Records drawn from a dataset
(* $\rho_\mu(t)$ is a continuous function of $(t,s,r,\epsilon)\in[0,\infty)\times[0,\infty)\times\mathcal{I}\times[0,\epsilon_0]$, where $\mu=(s,r,\epsilon)$, and $\rho_\mu'(t)$ and $\rho_\mu''(t)$ are continuous functions on $\big(([0,\infty)\times[0,\infty))\setminus\{(0,0)\}\big)\times\mathcal{I}\times[0,\epsilon_0]$ (the first two coordinates being $(t,s)$).
   Context: Fix $\varphi\in C^\infty(\mathbb{R})$ with $0\le\varphi\le1$, $\varphi(x)=0$ for $x\le0$, $\varphi(x)=1$ for $x\ge1$, and let $H$ be the Heaviside function ($H(x)=1$ for $x>0$, $H(x)=0$ for $x\le0$). For $r>0$, $\epsilon\ge0$ with $r+\epsilon<\pi/2$ and $\rho\ge0$ set $K^\parallel_{r,\epsilon}(\rho)=1-2\varphi((\rho-r)/\epsilon)$ if $\epsilon>0$ and $K^\parallel_{r,0}(\rho)=1-2H(\rho-r)$. Let $\mathcal{A}_{r,\epsilon}$ solve $\mathcal{A}''+K^\parallel_{r,\epsilon}\mathcal{A}=0$, $\mathcal{A}(0)=0$, $\mathcal{A}'(0)=1$ (for $\epsilon=0$: the unique $C^1$ function with these initial values solving the equation on $\rho\ne r$). For $\mu=(s,r,\epsilon)$, $\rho_\mu(t)$ ($t\ge0$) is, for $s>0$, the solution of $\rho''=\frac{\mathcal{A}_{r,\epsilon}'(\rho)}{\mathcal{A}_{r,\epsilon}(\rho)}(1-(\rho')^2)$, $\rho(0)=s$, $\rho'(0)=0$, and $\rho_{0,r,\epsilon}(t)=t$. Fixed small constants $\eta,\epsilon_0>0$ are chosen and $\mathcal{I}=[\pi/4-\eta,\pi/4+\eta]$. *)

From Stdlib Require Import Reals Lra.
Open Scope R_scope.

Definition smooth (f : R -> R) : Prop :=
  exists D : nat -> R -> R, D O = f /\
    forall (n : nat) (x : R), derivable_pt_lim (D n) x (D (S n) x).

Definition Heav (x : R) : R := if Rle_dec x 0 then 0 else 1.

Definition Kpar (phi : R -> R) (r eps x : R) : R :=
  if Req_EM_T eps 0 then 1 - 2 * Heav (x - r)
  else 1 - 2 * phi ((x - r) / eps).

(* A (with derivative dA) is the solution A'' + K A = 0, A(0)=0, A'(0)=1;
   for eps = 0: A is C^1 and solves the equation away from x = r. *)
Definition is_A (phi : R -> R) (r eps : R) (A dA : R -> R) : Prop :=
  A 0 = 0 /\ dA 0 = 1 /\
  (forall x, derivable_pt_lim A x (dA x)) /\
  (forall x, continuity_pt dA x) /\
  (forall x, (0 < eps \/ x <> r) ->
     derivable_pt_lim dA x (- (Kpar phi r eps x * A x))).

Definition is_rho (A dA : R -> R) (s : R) (rho drho ddrho : R -> R) : Prop :=
  (forall t, 0 <= t -> derivable_pt_lim rho t (drho t)) /\
  (forall t, 0 <= t -> derivable_pt_lim drho t (ddrho t)) /\
  (0 < s ->
     rho 0 = s /\ drho 0 = 0 /\
     forall t, 0 <= t ->
       ddrho t = dA (rho t) / A (rho t) * (1 - (drho t) ^ 2)) /\
  (s = 0 -> forall t, rho t = t).
(* Let $(X,\mathbb{A},d)$ be a complete $C^*$-algebra valued metric space, where $\mathbb{A}$ is a unital $C^*$-algebra, and let $T:X\to X$ be a $C^*$-algebra valued Ćirić-type1 contractive mapping, i.e. for every $x,y\in X$ there is $q(x,y)\in\mathbb{A}$ with $0\le \|q(x,y)\|<1$, and there is a mapping $\delta:X\times X\to\mathbb{A}_+$, such that $$d(T^n x,T^n y)\preceq (q(x,y)^* )^n\,\delta(x,y)\,q(x,y)^n\quad\text{for all }x,y\in X,\ n\in\mathbb{N}.$$ Then $T$ is orbitally continuous on $X$ if and only if $T$ has a unique fixed point in $X$.
   Context: $\mathbb{A}$ denotes a unital $C^*$-algebra with unit $I$ and zero $\theta$. An element $a\in\mathbb{A}$ is positive, written $a\succeq\theta$, if $a^*=a$ and its spectrum is contained in $[0,\infty)$; $\mathbb{A}_+$ is the set of positive elements, and $a\succeq b$ means $a-b\succeq\theta$. A $C^*$-algebra valued metric space $(X,\mathbb{A},d)$ is a nonempty set $X$ with $d:X\times X\to\mathbb{A}$ such that for all $x,y,z\in X$: $d(x,y)\succeq\theta$, with $d(x,y)=\theta$ iff $x=y$; $d(x,y)=d(y,x)$; $d(x,y)\preceq d(x,z)+d(z,y)$. A sequence $\{x_n\}$ converges to $x$ if $\|d(x_n,x)\|\to0$, and is Cauchy if $\|d(x_n,x_m)\|\to0$ as $n,m\to\infty$; the space is complete if every Cauchy sequence converges to a point of $X$. A self-map $T$ of $X$ is orbitally continuous at $u\in X$ if for every $x\in X$ and every increasing sequence of positive integers $\{n_i\}$, $\|d(T^{n_i}x,u)\|\to0$ implies $\|d(T^{n_i+1}x,Tu)\|\to0$ as $i\to\infty$; $T$ is orbitally continuous on $X$ if it is orbitally continuous at every $u\in X$. *)

From Stdlib Require Import Reals.
Open Scope R_scope.
(* Let $|\cdot|$ denote the Euclidean norm on $\mathbb{R}^n$. Let $l_0,l_1,\bar l_0,\bar l_1\in\mathbb{R}^n$ satisfy $$|l_1-\bar l_0|\ge |l_1-l_0|,\qquad |\bar l_1-l_0|\ge |\bar l_1-\bar l_0|,$$ and $|l_1-l_0|=|\bar l_1-\bar l_0|$. For $t\in[0,1]$ write $l_t=(1-t)l_0+tl_1$ and $\bar l_t=(1-t)\bar l_0+t\bar l_1$. Then $$|l_1-\bar l_1|\le \frac{2}{t}\,|l_s-\bar l_t|\qquad\text{for all } 0<t\le s\le 1.$$ *)

From mathcomp Require Import all_boot all_order all_algebra.
Set Implicit Arguments. Unset Strict Implicit. Unset Printing Implicit Defensive.
Import Order.TTheory GRing.Theory Num.Theory.
Local Open Scope ring_scope.

Definition enorm (R : rcfType) (n : nat) (v : 'rV[R]_n) : R :=
  Num.sqrt (\sum_(i < n) v 0 i ^+ 2).

Definition interp (R : rcfType) (n : nat) (l0 l1 : 'rV[R]_n) (t : R) : 'rV[R]_n :=
  (1 - t) *: l0 + t *: l1.

From mathcomp Require Import all_boot all_order all_algebra.
Import Order.TTheory GRing.Theory Num.Theory.
From mathcomp Require Import ring lra.
Set Implicit Arguments. Unset Strict Implicit. Unset Printing Implicit Defensive.
Local Open Scope ring_scope.

(* Put w = l0 - bl0, u = l1 - l0, v = bl1 - bl0, so that l_s - bl_t = w + s u - t v.
   The hypotheses say |w|^2 + 2<w,u> >= 0, |w|^2 - 2<w,v> >= 0 and |u| = |v|.
   From them one gets |l_t - bl_t| >= t |l1 - bl1| and |l_s - bl_t| >= (s - t) |u|,
   while l_t - bl_t = (l_s - bl_t) - (s - t) u, so by the parallelogram law
     t^2 |l1 - bl1|^2 <= |l_t - bl_t|^2 <= 2 |l_s - bl_t|^2 + 2 (s - t)^2 |u|^2
                      <= 4 |l_s - bl_t|^2. *)

Section SquaredNorm.
Variables (R : rcfType) (n : nat).
Implicit Types (x y w u v : 'rV[R]_n) (a b c : R).

Definition sqnorm x : R := \sum_(i < n) x 0 i ^+ 2.

Definition dotr x y : R := \sum_(i < n) x 0 i * y 0 i.

Definition gram w u v a b c : R :=
  a ^+ 2 * dotr w w + b ^+ 2 * dotr u u + c ^+ 2 * dotr v v
  + 2 * a * b * dotr w u + 2 * a * c * dotr w v + 2 * b * c * dotr u v.

Lemma enormE x : enorm x = Num.sqrt (sqnorm x). Proof. by []. Qed.

Lemma sqnorm_ge0 x : 0 <= sqnorm x.
Proof. by apply: sumr_ge0 => i _; exact: sqr_ge0. Qed.

Lemma sqnormZ a x : sqnorm (a *: x) = a ^+ 2 * sqnorm x.
Proof.
by rewrite /sqnorm mulr_sumr; apply: eq_bigr => i _; rewrite mxE exprMn.
Qed.

Lemma sqnormB_le x y : sqnorm (x - y) <= 2 * sqnorm x + 2 * sqnorm y.
Proof.
rewrite /sqnorm !mulr_sumr -big_split /=; apply: ler_sum => i _.
by rewrite !mxE; have := sqr_ge0 (x 0 i + y 0 i); lra.
Qed.

Lemma sqnorm_gram w u v a b c x :
  (forall i, x 0 i = a * w 0 i + b * u 0 i + c * v 0 i) ->
  sqnorm x = gram w u v a b c.
Proof.
move=> xE; rewrite /gram /dotr !mulr_sumr -!big_split /=.
by apply: eq_bigr => i _; rewrite xE; ring.
Qed.

Lemma gram_ge0 w u v a b c : 0 <= gram w u v a b c.
Proof.
rewrite -(@sqnorm_gram _ _ _ _ _ _ (a *: w + b *: u + c *: v)) ?sqnorm_ge0 //.
by move=> i; rewrite !mxE.
Qed.

End SquaredNorm.

Lemma interp_shift (R : rcfType) (n : nat) (l0 l1 : 'rV[R]_n) (s t : R) :
  interp l0 l1 t = interp l0 l1 s - (s - t) *: (l1 - l0).
Proof. by apply/rowP => i; rewrite /interp !mxE; ring. Qed.

Section Trapezoid.
Variables (R : rcfType) (n : nat) (l0 l1 bl0 bl1 : 'rV[R]_n).
Hypothesis far_l1 : sqnorm (l1 - l0) <= sqnorm (l1 - bl0).
Hypothesis far_bl1 : sqnorm (bl1 - bl0) <= sqnorm (bl1 - l0).
Hypothesis eq_len : sqnorm (l1 - l0) = sqnorm (bl1 - bl0).

Let w := l0 - bl0.
Let u := l1 - l0.
Let v := bl1 - bl0.
Let q := gram w u v.

Let sqnorm_wuv (x : 'rV[R]_n) a b c :
  (forall i, x 0 i = a * w 0 i + b * u 0 i + c * v 0 i) -> sqnorm x = q a b c.
Proof. exact: sqnorm_gram. Qed.

Ltac solve_wuv := by move=> i; rewrite /interp /w /u /v !mxE; ring.

Lemma dotr_vv : dotr v v = dotr u u.
Proof.
move: eq_len; rewrite (@sqnorm_wuv _ 0 1 0) ?(@sqnorm_wuv _ 0 0 1); try solve_wuv.
by rewrite /q /gram; lra.
Qed.

Lemma dotr_uv_le : dotr u v <= dotr u u.
Proof. by have := gram_ge0 w u v 0 1 (-1); rewrite /gram dotr_vv; lra. Qed.

Lemma dotr_ww_ge0 : 0 <= dotr w w.
Proof. by have := gram_ge0 w u v 1 0 0; rewrite /gram; lra. Qed.

Lemma dotr_ww_wu_ge0 : 0 <= dotr w w + 2 * dotr w u.
Proof.
move: far_l1; rewrite (@sqnorm_wuv _ 0 1 0) ?(@sqnorm_wuv (l1 - bl0) 1 1 0); try solve_wuv.
by rewrite /q /gram; lra.
Qed.

Lemma dotr_ww_wv_ge0 : 0 <= dotr w w - 2 * dotr w v.
Proof.
move: far_bl1; rewrite (@sqnorm_wuv _ 0 0 1) ?(@sqnorm_wuv (bl1 - l0) (-1) 0 1); try solve_wuv.
by rewrite /q /gram; lra.
Qed.

Lemma sqnorm_ends : sqnorm (l1 - bl1) = q 1 1 (-1).
Proof. by apply: sqnorm_wuv; solve_wuv. Qed.

Lemma sqnorm_interp s t :
  sqnorm (interp l0 l1 s - interp bl0 bl1 t) = q 1 s (- t).
Proof. by apply: sqnorm_wuv; solve_wuv. Qed.

Lemma interp_gap_ge t : 0 <= t <= 1 ->
  t ^+ 2 * sqnorm (l1 - bl1) <= sqnorm (interp l0 l1 t - interp bl0 bl1 t).
Proof.
case/andP=> t0 t1; rewrite sqnorm_ends sqnorm_interp /q /gram dotr_vv.
have t1' : 0 <= 1 - t by lra.
have := mulr_ge0 t1' (mulr_ge0 t1' dotr_ww_ge0).
have := mulr_ge0 (mulr_ge0 t1' t0) (addr_ge0 dotr_ww_wu_ge0 dotr_ww_wv_ge0).
lra.
Qed.

Lemma interp_lag_ge s t : 0 <= t -> t <= s -> s <= 1 ->
  (s - t) ^+ 2 * sqnorm (l1 - l0) <= sqnorm (interp l0 l1 s - interp bl0 bl1 t).
Proof.
move=> t0 ts s1.
have Q0 : 0 <= q 1 1 (-1) by rewrite -sqnorm_ends sqnorm_ge0.
rewrite (@sqnorm_wuv _ 0 1 0); last by move=> i; rewrite /u !mxE; ring.
rewrite sqnorm_interp; move: Q0; rewrite /q /gram dotr_vv => Q0.
have A := dotr_ww_wu_ge0; have B := dotr_ww_wv_ge0; have W := dotr_ww_ge0.
have UV : 0 <= dotr u u - dotr u v by rewrite subr_ge0 dotr_uv_le.
have s0 : 0 <= s := le_trans t0 ts.
have [st1 | st1] := lerP (s + t) 1.
- have st1' : 0 <= 1 - s - t by lra.
  have := mulr_ge0 s0 A; have := mulr_ge0 t0 B; have := mulr_ge0 st1' W.
  have := mulr_ge0 (mulr_ge0 s0 t0) UV.
  lra.
- have s1' : 0 <= 1 - s by lra.
  have t1' : 0 <= 1 - t by lra.
  have st1' : 0 <= s + t - 1 by lra.
  have := mulr_ge0 t1' A; have := mulr_ge0 s1' B; have := mulr_ge0 st1' Q0.
  have := mulr_ge0 (mulr_ge0 s1' t1') UV.
  lra.
Qed.

Lemma interp_gap_sq_le s t : 0 < t -> t <= s -> s <= 1 ->
  t ^+ 2 * sqnorm (l1 - bl1) <= 4 * sqnorm (interp l0 l1 s - interp bl0 bl1 t).
Proof.
move=> t0 ts s1.
have gap : t ^+ 2 * sqnorm (l1 - bl1) <= sqnorm (interp l0 l1 t - interp bl0 bl1 t).
  by apply: interp_gap_ge; rewrite (ltW t0) (le_trans ts s1).
have para : sqnorm (interp l0 l1 t - interp bl0 bl1 t)
    <= 2 * sqnorm (interp l0 l1 s - interp bl0 bl1 t) + 2 * ((s - t) ^+ 2 * sqnorm u).
  by rewrite (interp_shift l0 l1 s t) addrAC -sqnormZ sqnormB_le.
have lag := interp_lag_ge (ltW t0) ts s1.
lra.
Qed.
End Trapezoid.

Lemma sqrt_le_div_sqrt (R : rcfType) (c t x y : R) : 0 <= c -> 0 < t -> 0 <= y ->
  t ^+ 2 * x <= c ^+ 2 * y -> Num.sqrt x <= c / t * Num.sqrt y.
Proof.
move=> c0 t0 y0 le_xy.
rewrite -[c / t]ger0_norm ?divr_ge0 ?(ltW t0) // -sqrtr_sqr -sqrtrM ?sqr_ge0 //.
rewrite ler_sqrt ?mulr_ge0 ?sqr_ge0 ?invr_ge0 ?(ltW t0) //.
by rewrite exprMn exprVn mulrAC ler_pdivlMr ?exprn_gt0 // mulrC.
Qed.

Theorem corollary3p3 (R : rcfType) (n : nat) (l0 l1 bl0 bl1 : 'rV[R]_n)
  (h1 : enorm (l1 - l0) <= enorm (l1 - bl0))
  (h2 : enorm (bl1 - bl0) <= enorm (bl1 - l0))
  (h3 : enorm (l1 - l0) = enorm (bl1 - bl0)) :
  forall t s : R, 0 < t -> t <= s -> s <= 1 ->
    enorm (l1 - bl1) <= 2 / t * enorm (interp l0 l1 s - interp bl0 bl1 t).
Proof.
move=> t s t0 ts s1.
move: h1 h2 h3; rewrite !enormE !ler_sqrt ?sqnorm_ge0 // => h1 h2 /eqP.
rewrite eqr_sqrt ?sqnorm_ge0 // => /eqP h3.
apply: sqrt_le_div_sqrt; rewrite ?sqnorm_ge0 //.
by rewrite [2 ^+ 2]expr2 -natrM; exact: interp_gap_sq_le.
Qed.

* _AIM OF THE TASK_
The word to look for is "Prop"; copy out every line of the entries that holds it.

* _TASK OUTPUT_
Definition smooth (f : R -> R) : Prop :=
Definition is_A (phi : R -> R) (r eps : R) (A dA : R -> R) : Prop :=
Definition is_rho (A dA : R -> R) (s : R) (rho drho ddrho : R -> R) : Prop :=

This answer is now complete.